_Provided information:_
== Segment start ==

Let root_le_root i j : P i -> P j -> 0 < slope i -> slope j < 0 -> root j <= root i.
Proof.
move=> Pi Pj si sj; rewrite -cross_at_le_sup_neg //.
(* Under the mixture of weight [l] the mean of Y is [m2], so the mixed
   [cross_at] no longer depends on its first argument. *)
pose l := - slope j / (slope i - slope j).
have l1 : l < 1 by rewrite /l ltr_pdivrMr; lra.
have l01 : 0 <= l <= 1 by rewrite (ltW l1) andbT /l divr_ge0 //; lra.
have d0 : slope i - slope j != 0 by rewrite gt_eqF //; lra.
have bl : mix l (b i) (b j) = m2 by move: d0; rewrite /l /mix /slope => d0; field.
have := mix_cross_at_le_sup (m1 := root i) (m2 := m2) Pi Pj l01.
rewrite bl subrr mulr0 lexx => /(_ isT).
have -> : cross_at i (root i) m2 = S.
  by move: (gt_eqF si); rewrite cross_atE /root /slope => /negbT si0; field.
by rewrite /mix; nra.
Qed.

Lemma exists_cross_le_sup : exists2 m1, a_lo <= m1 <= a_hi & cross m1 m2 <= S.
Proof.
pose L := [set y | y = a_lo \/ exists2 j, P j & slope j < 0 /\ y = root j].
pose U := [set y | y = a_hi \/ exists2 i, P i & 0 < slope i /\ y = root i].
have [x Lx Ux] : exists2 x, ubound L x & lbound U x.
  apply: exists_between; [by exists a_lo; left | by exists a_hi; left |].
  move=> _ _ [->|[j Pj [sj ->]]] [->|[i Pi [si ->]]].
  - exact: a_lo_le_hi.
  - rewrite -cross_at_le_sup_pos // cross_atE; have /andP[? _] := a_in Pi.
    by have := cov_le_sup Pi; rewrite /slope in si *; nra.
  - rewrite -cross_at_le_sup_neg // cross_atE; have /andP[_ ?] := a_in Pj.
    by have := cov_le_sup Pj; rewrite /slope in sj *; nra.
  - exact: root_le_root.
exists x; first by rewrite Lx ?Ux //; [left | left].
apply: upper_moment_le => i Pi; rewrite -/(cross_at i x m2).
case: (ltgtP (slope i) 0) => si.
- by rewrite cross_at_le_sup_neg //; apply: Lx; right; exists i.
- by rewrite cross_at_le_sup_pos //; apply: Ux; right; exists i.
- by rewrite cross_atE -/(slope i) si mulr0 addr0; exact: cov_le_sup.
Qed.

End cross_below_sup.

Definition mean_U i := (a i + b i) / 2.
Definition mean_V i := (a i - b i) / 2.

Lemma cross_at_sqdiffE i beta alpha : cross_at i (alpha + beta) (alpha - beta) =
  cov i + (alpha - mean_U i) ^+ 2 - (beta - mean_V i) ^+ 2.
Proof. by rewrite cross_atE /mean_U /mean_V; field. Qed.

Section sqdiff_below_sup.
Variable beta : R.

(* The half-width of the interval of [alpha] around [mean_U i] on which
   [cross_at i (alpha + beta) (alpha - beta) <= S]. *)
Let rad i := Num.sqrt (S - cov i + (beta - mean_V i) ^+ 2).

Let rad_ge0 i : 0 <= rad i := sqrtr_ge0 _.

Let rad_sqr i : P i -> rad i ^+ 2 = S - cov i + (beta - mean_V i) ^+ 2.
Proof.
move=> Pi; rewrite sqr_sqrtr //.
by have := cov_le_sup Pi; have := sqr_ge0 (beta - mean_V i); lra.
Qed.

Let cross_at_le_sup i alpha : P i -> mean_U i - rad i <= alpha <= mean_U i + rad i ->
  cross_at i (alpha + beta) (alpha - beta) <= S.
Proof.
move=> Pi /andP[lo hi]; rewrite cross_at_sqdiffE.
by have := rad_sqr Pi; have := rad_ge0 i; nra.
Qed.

== Segment end ==
== Segment start ==

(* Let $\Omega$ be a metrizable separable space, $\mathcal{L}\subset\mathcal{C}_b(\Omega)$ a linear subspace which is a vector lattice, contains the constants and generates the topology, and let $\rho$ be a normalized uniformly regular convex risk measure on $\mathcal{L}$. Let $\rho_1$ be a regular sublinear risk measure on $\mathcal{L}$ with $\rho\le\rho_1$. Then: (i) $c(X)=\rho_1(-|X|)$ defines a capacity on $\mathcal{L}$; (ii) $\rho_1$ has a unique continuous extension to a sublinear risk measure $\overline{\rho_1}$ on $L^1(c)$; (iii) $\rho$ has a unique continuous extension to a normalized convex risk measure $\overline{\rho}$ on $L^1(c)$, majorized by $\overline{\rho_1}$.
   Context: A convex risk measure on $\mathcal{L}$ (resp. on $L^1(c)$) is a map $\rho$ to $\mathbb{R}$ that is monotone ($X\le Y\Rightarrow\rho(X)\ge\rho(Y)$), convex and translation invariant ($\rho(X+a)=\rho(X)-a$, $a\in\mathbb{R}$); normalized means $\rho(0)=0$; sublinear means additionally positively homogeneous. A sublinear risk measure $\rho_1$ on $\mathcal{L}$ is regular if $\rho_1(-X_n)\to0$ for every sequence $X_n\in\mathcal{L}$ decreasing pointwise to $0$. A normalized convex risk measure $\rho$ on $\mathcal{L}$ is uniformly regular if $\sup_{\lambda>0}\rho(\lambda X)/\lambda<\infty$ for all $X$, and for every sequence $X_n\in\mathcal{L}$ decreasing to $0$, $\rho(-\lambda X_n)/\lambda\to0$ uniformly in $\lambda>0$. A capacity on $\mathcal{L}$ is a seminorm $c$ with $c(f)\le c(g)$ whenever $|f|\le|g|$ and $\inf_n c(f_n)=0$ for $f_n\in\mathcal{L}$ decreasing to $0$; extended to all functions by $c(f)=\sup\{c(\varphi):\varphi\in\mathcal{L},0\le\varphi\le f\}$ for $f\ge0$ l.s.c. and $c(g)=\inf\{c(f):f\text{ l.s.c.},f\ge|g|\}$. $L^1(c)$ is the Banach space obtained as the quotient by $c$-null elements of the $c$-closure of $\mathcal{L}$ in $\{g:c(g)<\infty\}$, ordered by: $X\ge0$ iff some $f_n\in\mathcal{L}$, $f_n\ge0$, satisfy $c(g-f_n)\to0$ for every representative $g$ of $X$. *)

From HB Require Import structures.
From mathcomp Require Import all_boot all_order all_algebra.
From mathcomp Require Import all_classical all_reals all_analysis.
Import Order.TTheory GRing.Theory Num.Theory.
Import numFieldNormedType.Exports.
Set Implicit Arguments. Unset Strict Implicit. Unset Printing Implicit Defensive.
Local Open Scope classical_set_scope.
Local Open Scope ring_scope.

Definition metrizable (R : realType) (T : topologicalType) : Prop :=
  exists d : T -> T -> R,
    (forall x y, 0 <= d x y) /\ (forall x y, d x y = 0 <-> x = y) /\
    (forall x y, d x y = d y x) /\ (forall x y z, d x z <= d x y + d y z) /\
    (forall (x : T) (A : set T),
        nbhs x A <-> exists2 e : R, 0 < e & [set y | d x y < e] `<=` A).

== Segment end ==
== Segment start ==

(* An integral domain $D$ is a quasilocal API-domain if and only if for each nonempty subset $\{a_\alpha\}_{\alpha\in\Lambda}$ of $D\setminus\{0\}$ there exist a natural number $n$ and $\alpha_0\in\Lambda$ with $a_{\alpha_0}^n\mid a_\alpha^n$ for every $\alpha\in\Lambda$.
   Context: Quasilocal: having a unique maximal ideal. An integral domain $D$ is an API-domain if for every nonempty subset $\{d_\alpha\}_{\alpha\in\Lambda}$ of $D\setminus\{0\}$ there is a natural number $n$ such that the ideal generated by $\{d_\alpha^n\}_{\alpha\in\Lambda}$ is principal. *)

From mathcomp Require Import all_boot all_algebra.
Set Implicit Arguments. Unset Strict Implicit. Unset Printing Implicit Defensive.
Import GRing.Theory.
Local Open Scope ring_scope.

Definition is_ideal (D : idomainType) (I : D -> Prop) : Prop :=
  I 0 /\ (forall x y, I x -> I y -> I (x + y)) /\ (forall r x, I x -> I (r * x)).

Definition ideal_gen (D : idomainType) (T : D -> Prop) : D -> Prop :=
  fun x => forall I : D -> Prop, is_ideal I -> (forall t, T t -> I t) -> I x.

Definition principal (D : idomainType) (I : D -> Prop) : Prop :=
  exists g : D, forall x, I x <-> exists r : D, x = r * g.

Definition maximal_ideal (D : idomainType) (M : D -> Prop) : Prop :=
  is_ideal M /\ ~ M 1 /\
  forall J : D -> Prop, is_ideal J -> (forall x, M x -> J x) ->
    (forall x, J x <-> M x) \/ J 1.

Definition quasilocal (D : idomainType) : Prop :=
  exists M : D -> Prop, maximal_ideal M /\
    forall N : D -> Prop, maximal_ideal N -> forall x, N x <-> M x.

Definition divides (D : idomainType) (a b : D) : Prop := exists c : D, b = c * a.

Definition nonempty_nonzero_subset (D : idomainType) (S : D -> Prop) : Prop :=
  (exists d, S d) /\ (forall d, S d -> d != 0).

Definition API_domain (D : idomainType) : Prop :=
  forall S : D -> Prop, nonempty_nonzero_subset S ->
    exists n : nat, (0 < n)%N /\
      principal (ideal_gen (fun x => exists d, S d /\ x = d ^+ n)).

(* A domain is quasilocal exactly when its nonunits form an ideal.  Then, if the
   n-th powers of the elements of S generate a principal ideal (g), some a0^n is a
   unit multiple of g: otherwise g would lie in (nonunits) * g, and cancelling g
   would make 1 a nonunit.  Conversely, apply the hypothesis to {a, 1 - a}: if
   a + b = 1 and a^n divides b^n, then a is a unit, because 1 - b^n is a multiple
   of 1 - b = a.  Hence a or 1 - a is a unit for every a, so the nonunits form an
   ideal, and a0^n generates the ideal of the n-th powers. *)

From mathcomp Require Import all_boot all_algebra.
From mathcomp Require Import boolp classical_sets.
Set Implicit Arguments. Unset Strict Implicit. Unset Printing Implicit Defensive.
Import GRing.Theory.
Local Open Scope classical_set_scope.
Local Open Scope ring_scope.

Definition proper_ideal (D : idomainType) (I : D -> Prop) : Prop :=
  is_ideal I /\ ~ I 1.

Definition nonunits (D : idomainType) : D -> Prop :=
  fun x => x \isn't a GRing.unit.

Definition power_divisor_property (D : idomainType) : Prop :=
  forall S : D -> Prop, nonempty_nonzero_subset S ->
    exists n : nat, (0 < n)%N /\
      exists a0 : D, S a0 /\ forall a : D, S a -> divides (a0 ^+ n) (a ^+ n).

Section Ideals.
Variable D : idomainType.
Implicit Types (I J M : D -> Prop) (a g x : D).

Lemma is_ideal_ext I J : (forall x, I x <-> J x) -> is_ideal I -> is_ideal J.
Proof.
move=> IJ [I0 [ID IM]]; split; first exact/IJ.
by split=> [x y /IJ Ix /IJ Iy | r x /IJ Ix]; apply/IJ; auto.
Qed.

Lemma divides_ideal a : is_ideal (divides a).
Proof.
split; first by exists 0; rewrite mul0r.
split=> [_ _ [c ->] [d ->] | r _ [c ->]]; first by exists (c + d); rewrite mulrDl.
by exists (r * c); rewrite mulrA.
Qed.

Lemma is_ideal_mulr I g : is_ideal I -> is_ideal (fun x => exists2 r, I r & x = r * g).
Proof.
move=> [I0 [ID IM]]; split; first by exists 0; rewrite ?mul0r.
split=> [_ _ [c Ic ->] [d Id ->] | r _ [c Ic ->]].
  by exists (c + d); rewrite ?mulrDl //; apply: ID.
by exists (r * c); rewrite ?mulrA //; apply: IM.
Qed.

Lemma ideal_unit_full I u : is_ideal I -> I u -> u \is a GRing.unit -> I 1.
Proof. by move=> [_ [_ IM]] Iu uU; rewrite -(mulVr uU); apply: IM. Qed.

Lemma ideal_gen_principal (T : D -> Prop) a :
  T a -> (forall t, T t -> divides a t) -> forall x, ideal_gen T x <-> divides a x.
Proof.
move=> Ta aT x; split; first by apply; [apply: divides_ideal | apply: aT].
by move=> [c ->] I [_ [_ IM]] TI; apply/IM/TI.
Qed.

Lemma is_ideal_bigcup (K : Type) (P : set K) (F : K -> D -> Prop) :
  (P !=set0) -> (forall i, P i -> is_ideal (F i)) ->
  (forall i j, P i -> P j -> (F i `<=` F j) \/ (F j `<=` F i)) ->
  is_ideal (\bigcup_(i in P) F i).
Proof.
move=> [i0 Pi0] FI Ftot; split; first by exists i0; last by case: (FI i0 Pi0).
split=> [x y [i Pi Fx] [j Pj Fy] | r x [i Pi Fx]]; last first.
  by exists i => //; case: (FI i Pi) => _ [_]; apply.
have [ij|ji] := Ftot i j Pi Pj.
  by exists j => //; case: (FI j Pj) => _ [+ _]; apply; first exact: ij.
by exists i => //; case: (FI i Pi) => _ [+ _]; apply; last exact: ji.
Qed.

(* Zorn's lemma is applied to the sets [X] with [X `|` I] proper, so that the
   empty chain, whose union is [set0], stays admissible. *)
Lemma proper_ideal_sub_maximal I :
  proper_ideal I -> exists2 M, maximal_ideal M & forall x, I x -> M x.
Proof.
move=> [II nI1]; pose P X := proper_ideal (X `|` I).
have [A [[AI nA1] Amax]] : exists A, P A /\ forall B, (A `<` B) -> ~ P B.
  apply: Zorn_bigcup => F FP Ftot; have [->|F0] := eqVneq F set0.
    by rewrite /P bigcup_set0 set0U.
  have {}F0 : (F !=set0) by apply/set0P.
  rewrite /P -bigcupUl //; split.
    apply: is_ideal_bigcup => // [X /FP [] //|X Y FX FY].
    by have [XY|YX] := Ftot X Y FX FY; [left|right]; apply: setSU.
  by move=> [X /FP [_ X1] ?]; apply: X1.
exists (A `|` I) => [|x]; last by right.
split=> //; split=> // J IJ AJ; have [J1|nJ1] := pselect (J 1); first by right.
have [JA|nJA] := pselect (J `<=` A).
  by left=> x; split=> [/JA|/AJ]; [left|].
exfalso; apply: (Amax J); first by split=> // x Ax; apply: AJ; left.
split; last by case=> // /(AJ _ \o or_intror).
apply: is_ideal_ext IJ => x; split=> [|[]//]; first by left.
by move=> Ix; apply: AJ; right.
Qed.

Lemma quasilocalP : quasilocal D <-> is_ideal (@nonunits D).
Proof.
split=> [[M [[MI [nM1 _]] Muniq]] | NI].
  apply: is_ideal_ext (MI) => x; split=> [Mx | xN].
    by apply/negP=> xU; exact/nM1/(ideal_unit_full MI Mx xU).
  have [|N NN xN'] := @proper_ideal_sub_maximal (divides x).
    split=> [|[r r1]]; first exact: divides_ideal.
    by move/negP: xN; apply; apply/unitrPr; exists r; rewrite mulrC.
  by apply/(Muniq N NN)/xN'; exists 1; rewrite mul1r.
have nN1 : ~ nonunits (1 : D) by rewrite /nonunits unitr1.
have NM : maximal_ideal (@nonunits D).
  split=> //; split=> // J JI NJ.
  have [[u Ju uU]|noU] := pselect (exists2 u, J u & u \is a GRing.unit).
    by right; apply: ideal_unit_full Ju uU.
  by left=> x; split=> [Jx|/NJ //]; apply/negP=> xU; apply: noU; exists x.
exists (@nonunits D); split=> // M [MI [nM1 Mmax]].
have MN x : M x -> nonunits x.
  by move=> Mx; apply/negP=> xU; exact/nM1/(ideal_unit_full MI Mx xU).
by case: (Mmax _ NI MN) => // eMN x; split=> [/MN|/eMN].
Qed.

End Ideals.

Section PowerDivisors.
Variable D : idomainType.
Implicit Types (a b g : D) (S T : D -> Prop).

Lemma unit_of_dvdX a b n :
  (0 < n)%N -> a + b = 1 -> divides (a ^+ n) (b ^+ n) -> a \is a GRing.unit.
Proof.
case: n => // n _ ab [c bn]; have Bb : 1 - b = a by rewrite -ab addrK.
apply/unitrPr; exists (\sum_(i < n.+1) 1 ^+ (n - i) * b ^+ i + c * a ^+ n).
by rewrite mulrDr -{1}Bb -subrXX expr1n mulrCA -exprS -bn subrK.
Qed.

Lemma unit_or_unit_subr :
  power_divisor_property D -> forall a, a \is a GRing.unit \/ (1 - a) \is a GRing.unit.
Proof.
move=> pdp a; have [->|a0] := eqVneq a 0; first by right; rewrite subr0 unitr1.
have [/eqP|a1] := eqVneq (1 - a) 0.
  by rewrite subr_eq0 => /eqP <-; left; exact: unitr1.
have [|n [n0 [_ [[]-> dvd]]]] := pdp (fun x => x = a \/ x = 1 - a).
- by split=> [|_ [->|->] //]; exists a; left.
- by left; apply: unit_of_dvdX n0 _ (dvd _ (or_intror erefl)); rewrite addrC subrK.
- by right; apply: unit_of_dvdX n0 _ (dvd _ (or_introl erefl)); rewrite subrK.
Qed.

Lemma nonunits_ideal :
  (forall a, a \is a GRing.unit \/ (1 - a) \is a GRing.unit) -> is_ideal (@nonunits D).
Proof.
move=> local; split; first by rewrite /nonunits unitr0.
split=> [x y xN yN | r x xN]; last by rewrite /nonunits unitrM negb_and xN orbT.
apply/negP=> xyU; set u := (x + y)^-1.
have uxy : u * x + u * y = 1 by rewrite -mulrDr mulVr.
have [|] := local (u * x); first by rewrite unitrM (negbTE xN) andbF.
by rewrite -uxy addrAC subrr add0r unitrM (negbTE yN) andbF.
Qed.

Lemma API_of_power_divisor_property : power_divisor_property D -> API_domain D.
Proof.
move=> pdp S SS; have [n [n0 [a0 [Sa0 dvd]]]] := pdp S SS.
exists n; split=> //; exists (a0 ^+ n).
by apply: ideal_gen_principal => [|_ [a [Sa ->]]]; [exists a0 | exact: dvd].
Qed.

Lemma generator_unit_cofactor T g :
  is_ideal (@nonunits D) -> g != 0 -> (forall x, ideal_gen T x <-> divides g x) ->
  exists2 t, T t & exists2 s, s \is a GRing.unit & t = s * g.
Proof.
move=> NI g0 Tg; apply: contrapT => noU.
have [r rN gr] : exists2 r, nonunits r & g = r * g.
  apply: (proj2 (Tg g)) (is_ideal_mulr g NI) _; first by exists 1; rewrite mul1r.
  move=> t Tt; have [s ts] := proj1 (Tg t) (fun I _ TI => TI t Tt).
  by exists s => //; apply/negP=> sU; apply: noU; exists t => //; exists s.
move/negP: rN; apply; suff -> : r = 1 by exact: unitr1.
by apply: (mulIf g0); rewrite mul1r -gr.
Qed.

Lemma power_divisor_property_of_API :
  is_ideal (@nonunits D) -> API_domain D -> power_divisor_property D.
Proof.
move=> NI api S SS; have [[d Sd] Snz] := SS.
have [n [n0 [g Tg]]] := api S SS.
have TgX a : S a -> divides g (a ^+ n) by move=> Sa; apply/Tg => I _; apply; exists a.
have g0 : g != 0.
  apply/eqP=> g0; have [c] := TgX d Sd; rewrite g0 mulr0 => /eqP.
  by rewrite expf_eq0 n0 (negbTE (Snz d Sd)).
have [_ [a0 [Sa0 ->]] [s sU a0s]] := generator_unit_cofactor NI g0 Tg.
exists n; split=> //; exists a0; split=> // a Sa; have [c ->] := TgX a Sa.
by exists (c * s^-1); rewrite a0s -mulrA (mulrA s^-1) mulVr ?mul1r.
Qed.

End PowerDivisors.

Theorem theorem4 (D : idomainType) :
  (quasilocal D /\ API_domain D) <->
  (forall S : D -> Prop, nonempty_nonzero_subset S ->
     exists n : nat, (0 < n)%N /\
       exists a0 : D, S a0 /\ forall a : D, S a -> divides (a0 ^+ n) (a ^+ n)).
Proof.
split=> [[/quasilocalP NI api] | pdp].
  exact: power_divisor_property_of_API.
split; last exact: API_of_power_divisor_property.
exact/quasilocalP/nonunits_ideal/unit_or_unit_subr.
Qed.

== Segment end ==

_Your instructions:_ All lines above from the line with "- exact: root_le_root." through the line with "Let rad_ge0 i : 0 <= rad i := sqrtr_ge0 _.", both included, are to be set down exactly, with nothing else.

_Written response:_
  - exact: root_le_root.
exists x; first by rewrite Lx ?Ux //; [left | left].
apply: upper_moment_le => i Pi; rewrite -/(cross_at i x m2).
case: (ltgtP (slope i) 0) => si.
- by rewrite cross_at_le_sup_neg //; apply: Lx; right; exists i.
- by rewrite cross_at_le_sup_pos //; apply: Ux; right; exists i.
- by rewrite cross_atE -/(slope i) si mulr0 addr0; exact: cov_le_sup.
Qed.

End cross_below_sup.

Definition mean_U i := (a i + b i) / 2.
Definition mean_V i := (a i - b i) / 2.

Lemma cross_at_sqdiffE i beta alpha : cross_at i (alpha + beta) (alpha - beta) =
  cov i + (alpha - mean_U i) ^+ 2 - (beta - mean_V i) ^+ 2.
Proof. by rewrite cross_atE /mean_U /mean_V; field. Qed.

Section sqdiff_below_sup.
Variable beta : R.

(* The half-width of the interval of [alpha] around [mean_U i] on which
   [cross_at i (alpha + beta) (alpha - beta) <= S]. *)
Let rad i := Num.sqrt (S - cov i + (beta - mean_V i) ^+ 2).

Let rad_ge0 i : 0 <= rad i := sqrtr_ge0 _.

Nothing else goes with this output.